Due to its gargantuan economic potential, the United States has a history of recovering from military and financial blunders. But while this may not be the last one, few missteps have discredited it as much as the patched-together solution to the public debt crisis which was just approved. The most logical solution was President Barack Obama’s initial proposal of raising the debt ceiling in exchange for a fiscal adjustment balanced between tax increases and spending cuts. The weakness and lack of leadership by the president, whose Democratic Party has lost its previous majority in the House of Representatives, obliged him to cut a deal with the opposition Republican Party, in the midst of an attack of petty politics that tarnishes the reputation of the planet’s most powerful nation.

Although the formula that was agreed on put to rest the ghost of the unthinkable partial default and calmed the financial markets, its adverse effects will be felt for a long time, both inside and outside the United States. In exchange for a 15 percent increase in the debt ceiling, Obama was forced to give up his bid to increase taxes on the most privileged sectors and to accept instead massive cuts in public spending. This reduction, which is greater than the amount of the debt ceiling increase, will restrict social services in health care, education and unemployment benefits, punishing a group which has been suffering from an unusually high unemployment rate — currently at 9.2 percent — since the crisis caused by the bursting of the mortgage bubble began at the end of 2007.
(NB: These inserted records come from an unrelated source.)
(* Let $N\ge1$, $h\in(0,1)$, $\varepsilon\in(0,1/2]$, and let $\Phi$ be the opinion operator defined in the context. Then for every $V^0\in[-1,1]^N$ with nondecreasing components, the sequence $\Phi^n(V^0)$ converges as $n\to\infty$ to a fixed point of $\Phi$.
   Context: For $V=(v_1,\dots,v_N)\in[-1,1]^N$ and each $k$, let $J(v_k)=\{l\in\{1,\dots,N\}:|v_l-v_k|\le\varepsilon\}$ and $I(v_k)=|J(v_k)|$. Put $w_k(V)=v_k+\frac{h}{I(v_k)}\sum_{l\in J(v_k)}v_l$. Then $\Phi(V)=(v_1',\dots,v_N')$ where $v_k'=-1$ if $w_k<-1$, $v_k'=1$ if $w_k>1$, and $v_k'=w_k$ if $|w_k|\le1$. *)

(* Opinion vectors V in [-1,1]^N are
   represented as functions V : nat -> R, with components V 0, ..., V (N-1)
   (0-based indexing of the paper's v_1..v_N); values at indices >= N are
   irrelevant, and Phi sets them to 0. *)
From Stdlib Require Import Reals List.
Open Scope R_scope.

Definition Jset (N : nat) (eps : R) (V : nat -> R) (k : nat) : list nat :=
  filter (fun l => if Rle_dec (Rabs (V l - V k)) eps then true else false)
         (seq 0 N).

Definition Icard (N : nat) (eps : R) (V : nat -> R) (k : nat) : nat :=
  length (Jset N eps V k).

Definition w (N : nat) (h eps : R) (V : nat -> R) (k : nat) : R :=
  V k + h / INR (Icard N eps V k)
        * fold_right Rplus 0 (map V (Jset N eps V k)).

Definition clip (x : R) : R :=
  if Rlt_dec x (-1) then -1 else if Rlt_dec 1 x then 1 else x.

Definition Phi (N : nat) (h eps : R) (V : nat -> R) : nat -> R :=
  fun k => if Nat.ltb k N then clip (w N h eps V k) else 0.

Definition in_cube (N : nat) (V : nat -> R) : Prop :=
  forall k, (k < N)%nat -> -1 <= V k <= 1.

Definition nondecreasing_vec (N : nat) (V : nat -> R) : Prop :=
  forall i j, (i <= j < N)%nat -> V i <= V j.

(* [Phi] preserves the order of the opinions, since the local mean of a
   window is nondecreasing in its centre.  An opinion that reaches [eps] has a
   local mean of at least [eps / N], so it climbs to [1] and stays there;
   symmetrically below [-eps].  Hence after some time [T] every opinion is
   frozen at [1] or [-1] or stays in [(-eps, eps)] forever; as [eps <= 1/2],
   the windows of these central opinions see only central opinions, and they
   move without clipping.  Let [t] and [b] be the top and bottom central
   opinions, with local means [m_t >= m_b].  One step never decreases
   [m_t - m_b], while [x_t - x_b] grows by [h (m_t - m_b)] and stays below
   [2 eps]; so [m_t = m_b], and then this common value is multiplied by
   [1 + h] at each step while moving the bounded [x_t] by [h m_t], so it is
   [0].  All central drifts vanish at time [T], which is a fixed point. *)

From Stdlib Require Import Reals List Lra Lia Classical FunctionalExtensionality.
Open Scope R_scope.

Fixpoint sumN (n : nat) (f : nat -> R) : R :=
  match n with O => 0 | S n' => sumN n' f + f n' end.

Lemma sumN_ext n f g : (forall i, (i < n)%nat -> f i = g i) -> sumN n f = sumN n g.
Proof.
  induction n as [|n IH]; intros Hfg; simpl; [reflexivity|].
  rewrite IH, Hfg; [reflexivity|lia|intros; apply Hfg; lia].
Qed.

Lemma sumN_plus n f g : sumN n (fun i => f i + g i) = sumN n f + sumN n g.
Proof. induction n as [|n IH]; simpl; [ring|]. rewrite IH; ring. Qed.

Lemma sumN_scal_l n c f : sumN n (fun i => c * f i) = c * sumN n f.
Proof. induction n as [|n IH]; simpl; [ring|]. rewrite IH; ring. Qed.

Lemma sumN_le n f g : (forall i, (i < n)%nat -> f i <= g i) -> sumN n f <= sumN n g.
Proof.
  induction n as [|n IH]; intros Hfg; simpl; [lra|].
  apply Rplus_le_compat; [apply IH; intros; apply Hfg|apply Hfg]; lia.
Qed.

Lemma sumN_const n c : sumN n (fun _ => c) = INR n * c.
Proof. induction n as [|n IH]; simpl sumN; [simpl; ring|]. rewrite IH, S_INR; ring. Qed.

Lemma sumN_nonneg n f : (forall i, (i < n)%nat -> 0 <= f i) -> 0 <= sumN n f.
Proof.
  intros Hf. replace 0 with (sumN n (fun _ => 0)) by (rewrite sumN_const; ring).
  now apply sumN_le.
Qed.

Lemma sumN_term_le n f k :
  (forall i, (i < n)%nat -> 0 <= f i) -> (k < n)%nat -> f k <= sumN n f.
Proof.
  induction n as [|n IH]; intros Hf Hk; [lia|]. simpl.
  assert (0 <= sumN n f) by (apply sumN_nonneg; intros; apply Hf; lia).
  destruct (Nat.eq_dec k n) as [->|Hkn]; [lra|].
  assert (f k <= sumN n f) by (apply IH; [intros; apply Hf|]; lia).
  assert (0 <= f n) by (apply Hf; lia). lra.
Qed.

Lemma sumN_swap n m (g : nat -> nat -> R) :
  sumN n (fun i => sumN m (fun j => g i j)) = sumN m (fun j => sumN n (fun i => g i j)).
Proof.
  induction n as [|n IH]; simpl.
  - rewrite sumN_const; ring.
  - rewrite IH, <- sumN_plus. reflexivity.
Qed.

Definition ind (b : bool) : R := if b then 1 else 0.

Lemma fold_right_Rplus_init (s : list R) a : fold_right Rplus a s = fold_right Rplus 0 s + a.
Proof. induction s as [|x s IH]; simpl; [ring|]. rewrite IH; ring. Qed.

Lemma fold_right_Rplus_filter n (P : nat -> bool) (f : nat -> R) :
  fold_right Rplus 0 (map f (filter P (seq 0 n))) = sumN n (fun l => ind (P l) * f l).
Proof.
  induction n as [|n IH]; [reflexivity|].
  rewrite seq_S, filter_app, map_app, fold_right_app, fold_right_Rplus_init, IH.
  simpl. destruct (P n); simpl; ring.
Qed.

Lemma length_filter_INR n (P : nat -> bool) :
  INR (length (filter P (seq 0 n))) = sumN n (fun l => ind (P l)).
Proof.
  induction n as [|n IH]; [reflexivity|].
  rewrite seq_S, filter_app, length_app, plus_INR, IH.
  simpl. destruct (P n); simpl; ring.
Qed.

Definition card N (P : nat -> bool) : R := sumN N (fun l => ind (P l)).

Definition avg N (P : nat -> bool) (f : nat -> R) : R :=
  sumN N (fun l => ind (P l) * f l) / card N P.

Lemma card_le N P : card N P <= INR N.
Proof.
  unfold card. rewrite <- (Rmult_1_r (INR N)), <- sumN_const.
  apply sumN_le; intros l _; unfold ind; destruct (P l); lra.
Qed.

Lemma card_ge1 N (P : nat -> bool) k : (k < N)%nat -> P k = true -> 1 <= card N P.
Proof.
  intros Hk Pk. unfold card. replace 1 with (ind (P k)) by (rewrite Pk; reflexivity).
  apply (sumN_term_le N (fun l => ind (P l))); [|exact Hk].
  intros l _; unfold ind; destruct (P l); lra.
Qed.

Lemma avg_ge N P f a : 0 < card N P ->
  (forall l, (l < N)%nat -> P l = true -> a <= f l) -> a <= avg N P f.
Proof.
  intros HC Hf. unfold avg. apply Rmult_le_reg_r with (card N P); [exact HC|].
  unfold Rdiv. rewrite Rmult_assoc, Rinv_l, Rmult_1_r by lra.
  unfold card. rewrite <- sumN_scal_l.
  apply sumN_le; intros l Hl. specialize (Hf l Hl). unfold ind.
  destruct (P l); [specialize (Hf eq_refl)|]; lra.
Qed.

Lemma avg_opp N P f : avg N P (fun l => - f l) = - avg N P f.
Proof.
  unfold avg. rewrite (sumN_ext N _ (fun l => -1 * (ind (P l) * f l))), sumN_scal_l
    by (intros; ring).
  unfold Rdiv; ring.
Qed.

Lemma avg_le N P f a : 0 < card N P ->
  (forall l, (l < N)%nat -> P l = true -> f l <= a) -> avg N P f <= a.
Proof.
  intros HC Hf. rewrite <- (Ropp_involutive (avg N P f)), <- avg_opp.
  enough (- a <= avg N P (fun l => - f l)) by lra.
  apply avg_ge; [exact HC|]. intros l Hl Pl. specialize (Hf l Hl Pl). lra.
Qed.

Lemma avg_ext_on N P f g : (forall l, (l < N)%nat -> P l = true -> f l = g l) ->
  avg N P f = avg N P g.
Proof.
  intros Hfg. unfold avg. f_equal. apply sumN_ext; intros l Hl.
  unfold ind. destruct (P l) eqn:Pl; [rewrite Hfg|]; auto; ring.
Qed.

Lemma avg_plus_scal N P f c g :
  avg N P (fun l => f l + c * g l) = avg N P f + c * avg N P g.
Proof.
  unfold avg.
  rewrite (sumN_ext N _ (fun l => ind (P l) * f l + c * (ind (P l) * g l))) by (intros; ring).
  rewrite sumN_plus, sumN_scal_l. unfold Rdiv; ring.
Qed.

Lemma sumN_mult n m f g :
  sumN n f * sumN m g = sumN n (fun i => sumN m (fun j => f i * g j)).
Proof.
  rewrite Rmult_comm, <- sumN_scal_l. apply sumN_ext; intros i _.
  rewrite Rmult_comm, <- sumN_scal_l. reflexivity.
Qed.

(* Cross-multiplied, the difference of the two averages is the sum over
   l in P, l' in Q of f l - f l'; the pairs whose swap is also such a pair
   cancel, and the remaining ones are nonnegative by hypothesis. *)
Lemma avg_le_avg N (P Q : nat -> bool) f : 0 < card N P -> 0 < card N Q ->
  (forall l l', (l < N)%nat -> (l' < N)%nat -> P l = true -> Q l' = true ->
     ~ (P l' = true /\ Q l = true) -> f l' <= f l) ->
  avg N Q f <= avg N P f.
Proof.
  intros HP HQ Hf.
  set (SP := sumN N (fun l => ind (P l) * f l)).
  set (SQ := sumN N (fun l => ind (Q l) * f l)).
  set (T := fun l l' => ind (P l) * ind (Q l') * (f l - f l')).
  assert (Hdiff : sumN N (fun l => sumN N (fun l' => T l l')) + card N P * SQ = SP * card N Q).
  { unfold SP, SQ, card. rewrite !sumN_mult, <- sumN_plus.
    apply sumN_ext; intros l _. rewrite <- sumN_plus.
    apply sumN_ext; intros l' _. unfold T; ring. }
  assert (Hpairs : 0 <= sumN N (fun l => sumN N (fun l' => T l l' + T l' l))).
  { apply sumN_nonneg; intros l Hl. apply sumN_nonneg; intros l' Hl'. unfold T, ind.
    destruct (P l) eqn:Pl, (Q l') eqn:Ql', (P l') eqn:Pl', (Q l) eqn:Ql; simpl;
      try (assert (f l' <= f l) by (apply Hf; auto; intros [? ?]; congruence));
      try (assert (f l <= f l') by (apply Hf; auto; intros [? ?]; congruence));
      lra. }
  rewrite (sumN_ext N _ (fun l => sumN N (fun l' => T l l') + sumN N (fun l' => T l' l)))
    in Hpairs by (intros; apply sumN_plus).
  rewrite sumN_plus, (sumN_swap N N (fun i j => T j i)) in Hpairs.
  unfold avg. fold SP SQ.
  replace (SQ / card N Q) with (card N P * SQ * / (card N P * card N Q)) by (field; lra).
  replace (SP / card N P) with (SP * card N Q * / (card N P * card N Q)) by (field; lra).
  apply Rmult_le_compat_r; [left; apply Rinv_0_lt_compat, Rmult_lt_0_compat; lra|]. lra.
Qed.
The fact that the congressional plan worsened the prospects of millions of Americans already under pressure from the slow and uneven economic recovery, led legislators from Obama’s own party to vote against it. But its questionable effects go still further. It showed Republican legislators taking advantage of their majority to defend minor political interests and play based on future electoral calculations. In particular, the tea party, the party’s right wing, blocked Obama’s initial proposal with no justification. But above all, the convoluted negotiating process demonstrated a deep erosion of mature leadership capability in the political system, from presidential authority to the functioning of the parties.

The consequences are no less serious outside of the United States. The cutbacks in public spending will further reduce America’s diminished capacity for consumption, which, together with the crisis affecting various nations in the European Union, will affect the countries that export to these two largest economic groupings in the world. The weakness of the dollar will aggravate the inflationary threat in emerging countries with revalued currencies, such as Brazil and Uruguay. And the largest holders of U.S. bonds, especially China, and in our region, Brazil, will see the value of these investments drop. Everything points to a period of global turmoil which Uruguay will not escape, since our current strong economic growth is closely linked to export markets of uncertain future and to foreseeable monetary vicissitudes.